We think there is a risk of corruption, where officials of departmental agencies effectively will be directly or indirectly leaned on. Even if officials are not directly leaned on there will be pressure to go down the path of least resistance, the path of administrative convenience, to issue the much smaller on-the-spot fines as opposed to prosecuting in a court of law. Certainly, the pressure to do that would be too great over time. These regulations come at a time when the Government seeks to introduce measures to crack down on those engaging—
The Hon. ADAM SEARLE: As I indicated earlier, Labor does not oppose an administrative regime of penalty notices. We have moved these targeted disallowances to the regulations because there was not adequate public consultation about the appropriate level for each set of money fines. In relation to the most serious offences, the gap between the minimum and maximum in money penalties able to be applied administratively is too great. The gap is so great that it would create a corruption risk or certainly an administrative inconvenience risk to the point where, along the path of least resistance, enforcement will occur mainly at the lower end.
These regulations are being introduced at the same time as the Government is moving to promulgate laws to crack down on legitimate and peaceful protests. There is a risk of giving the community the impression that the Government is the political arm of the mining and the coal seam gas industries. On the one hand, it is cracking down on inconvenient public protests; on the other hand, it is going easy on the enforcement of law in relation to the mining industry. It would be most outrageous if the Government were perceived as the political wing of the mining and CSG industries. I certainly hope that is not the intention, but that is the impression this Government is giving through its collective actions.

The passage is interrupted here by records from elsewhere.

(* Let $\kappa$ be a regular uncountable cardinal and let $\langle T^\eta\mid\eta<\kappa\rangle$ be a sequence of streamlined $\kappa$-subtrees of a given streamlined $\kappa$-Souslin tree $T$. Then there are $\eta<\rho<\kappa$ such that $|T^\eta\cap T^\rho|=\kappa$.
   Context: $H_\kappa$ is the collection of sets of hereditary cardinality $<\kappa$. A streamlined tree is a set $T\subseteq{}^{<\kappa}H_\kappa$ closed under restrictions $t\mapsto t\restriction\beta$, ordered by proper initial segment; $T_\alpha=\{x\in T\mid\mathrm{dom}(x)=\alpha\}$. A streamlined $\kappa$-tree satisfies $0<|T_\alpha|<\kappa$ for all $\alpha<\kappa$; a streamlined $\kappa$-subtree of $T$ is a downward-closed subset of $T$ that is itself a streamlined $\kappa$-tree. A streamlined $\kappa$-Souslin tree is a streamlined $\kappa$-tree with no $f:\kappa\to H_\kappa$ such that $f\restriction\beta\in T$ for all $\beta<\kappa$, and with no antichain (set of pairwise $\subseteq$-incomparable nodes) of size $\kappa$. *)

From Stdlib Require Import Classical.

(* ---------- The cardinal kappa ----------
   kappa is represented by a type K of ordinals (the ordinals < kappa),
   strictly well-ordered by lt. *)

Definition card_ge_kappa {K U : Type} (A : U -> Prop) : Prop :=
  exists f : K -> U, (forall k, A (f k)) /\ (forall k1 k2, f k1 = f k2 -> k1 = k2).

Definition card_le_kappa {K U : Type} (A : U -> Prop) : Prop :=
  exists g : U -> K, forall a b, A a -> A b -> g a = g b -> a = b.

Definition card_lt_kappa {K U : Type} (A : U -> Prop) : Prop :=
  ~ @card_ge_kappa K U A.

Definition card_eq_kappa {K U : Type} (A : U -> Prop) : Prop :=
  @card_ge_kappa K U A /\ @card_le_kappa K U A.

Definition strict_well_order {K : Type} (lt : K -> K -> Prop) : Prop :=
  (forall a, ~ lt a a) /\
  (forall a b c, lt a b -> lt b c -> lt a c) /\
  (forall a b, lt a b \/ a = b \/ lt b a) /\
  well_founded lt.

Definition regular_uncountable_cardinal (K : Type) (lt : K -> K -> Prop) : Prop :=
  strict_well_order lt /\
  (* kappa is a cardinal: every proper initial segment has size < kappa *)
  (forall a : K, @card_lt_kappa K K (fun b => lt b a)) /\
  (* regular: every subset of size < kappa is bounded below kappa *)
  (forall A : K -> Prop, @card_lt_kappa K K A -> exists a, forall b, A b -> lt b a) /\
  (~ exists g : K -> nat, forall a b, g a = g b -> a = b).

(* ---------- Streamlined trees ----------
   A node x : alpha -> X (alpha < kappa) is encoded as a partial function
   t : K -> option X whose domain {beta | t beta <> None} is exactly
   {beta | beta < alpha}. *)

Section Trees.
Context {K X : Type} (lt : K -> K -> Prop).

Definition node := K -> option X.

Definition has_dom (t : node) (alpha : K) : Prop :=
  forall beta, t beta <> None <-> lt beta alpha.

Definition is_restr (t : node) (beta : K) (s : node) : Prop :=
  forall gamma, (lt gamma beta -> s gamma = t gamma) /\
                (~ lt gamma beta -> s gamma = None).

Definition initseg (s t : node) : Prop :=
  forall gamma, s gamma <> None -> s gamma = t gamma.

Definition streamlined_tree (T : node -> Prop) : Prop :=
  (forall t, T t -> exists alpha, has_dom t alpha) /\
  (forall t beta s, T t -> is_restr t beta s -> T s).

Definition level (T : node -> Prop) (alpha : K) : node -> Prop :=
  fun t => T t /\ has_dom t alpha.

Definition streamlined_kappa_tree (T : node -> Prop) : Prop :=
  streamlined_tree T /\
  (forall alpha, (exists t, level T alpha t) /\
                 @card_lt_kappa K node (level T alpha)).

Definition streamlined_kappa_subtree (T S : node -> Prop) : Prop :=
  (forall t, S t -> T t) /\
  (forall s t, S t -> T s -> initseg s t -> S s) /\
  streamlined_kappa_tree S.

Definition is_branch (T : node -> Prop) (f : K -> X) : Prop :=
  forall beta, exists s, T s /\
    forall gamma, (lt gamma beta -> s gamma = Some (f gamma)) /\
                  (~ lt gamma beta -> s gamma = None).

Definition antichain (T A : node -> Prop) : Prop :=
  (forall t, A t -> T t) /\
  (forall s t, A s -> A t -> s <> t -> ~ initseg s t /\ ~ initseg t s).

Definition streamlined_kappa_Souslin_tree (T : node -> Prop) : Prop :=
  streamlined_kappa_tree T /\
  (~ exists f : K -> X, is_branch T f) /\
  (~ exists A : node -> Prop, antichain T A /\ @card_eq_kappa K node A).

End Trees.

From Stdlib Require Import Classical ClassicalEpsilon FunctionalExtensionality IndefiniteDescription.

(* Every streamlined kappa-subtree S of the Souslin tree T contains the whole cone of T above one of its nodes, and
   that cone has size kappa. Indeed, the minimal nodes of T outside S form an antichain, so their heights are bounded
   by some a0 and S contains the cone above each of its nodes of height a0; since S has size kappa and the nodes of
   height below a0 are fewer than kappa, one of these cones has size kappa. Choosing such a node x_eta for every eta,
   the x_eta cannot form an antichain of size kappa, so some x_eta lies below some x_rho, and the cone above x_rho
   is contained in both T^eta and T^rho. *)

Lemma uncountable_nontrivial (K : Type) :
  ~ (exists g : K -> nat, forall a b, g a = g b -> a = b) -> exists a b : K, a <> b.
Proof.
  intro Hunc. apply NNPP. intro Htriv. apply Hunc.
  exists (fun _ => 0). intros a b _. apply NNPP. intro Hab. eauto.
Qed.

Section Kappa.
Context {K : Type} {lt : K -> K -> Prop}.
Hypothesis lt_wo : strict_well_order lt.
Hypothesis K_nontrivial : exists a b : K, a <> b.
Hypothesis initial_segment_small : forall a : K, @card_lt_kappa K K (fun b => lt b a).
Hypothesis kappa_regular :
  forall A : K -> Prop, @card_lt_kappa K K A -> exists a, forall b, A b -> lt b a.

Local Notation small A := (@card_lt_kappa K _ A).
Local Notation large A := (@card_ge_kappa K _ A).

Lemma lt_irrefl a : ~ lt a a.
Proof. apply lt_wo. Qed.

Lemma lt_trans a b c : lt a b -> lt b c -> lt a c.
Proof. apply lt_wo. Qed.

Lemma lt_total a b : lt a b \/ a = b \/ lt b a.
Proof. apply lt_wo. Qed.

Lemma lt_wf : well_founded lt.
Proof. apply lt_wo. Qed.

Lemma le_lt_trans a b c : ~ lt b a -> lt b c -> lt a c.
Proof.
  intros Hba Hbc. destruct (lt_total a b) as [H | [-> | H]]; [eauto using lt_trans | exact Hbc | contradiction].
Qed.

Lemma lt_le_trans a b c : lt a b -> ~ lt c b -> lt a c.
Proof.
  intros Hab Hcb. destruct (lt_total b c) as [H | [<- | H]]; [eauto using lt_trans | exact Hab | contradiction].
Qed.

To assist the Government out of its difficulties and to restore public confidence in government and the administration of justice in this State, Labor has sought to introduce these targeted disallowances. If these disallowance motions succeed, the Government can go back to the drawing board and consult widely, not only with industry stakeholders but also with the broader community about the content of an appropriate penalty notice regime for all extractive industries in this State, including mining and coal seam gas. We earnestly ask all members to vote for these disallowance motions.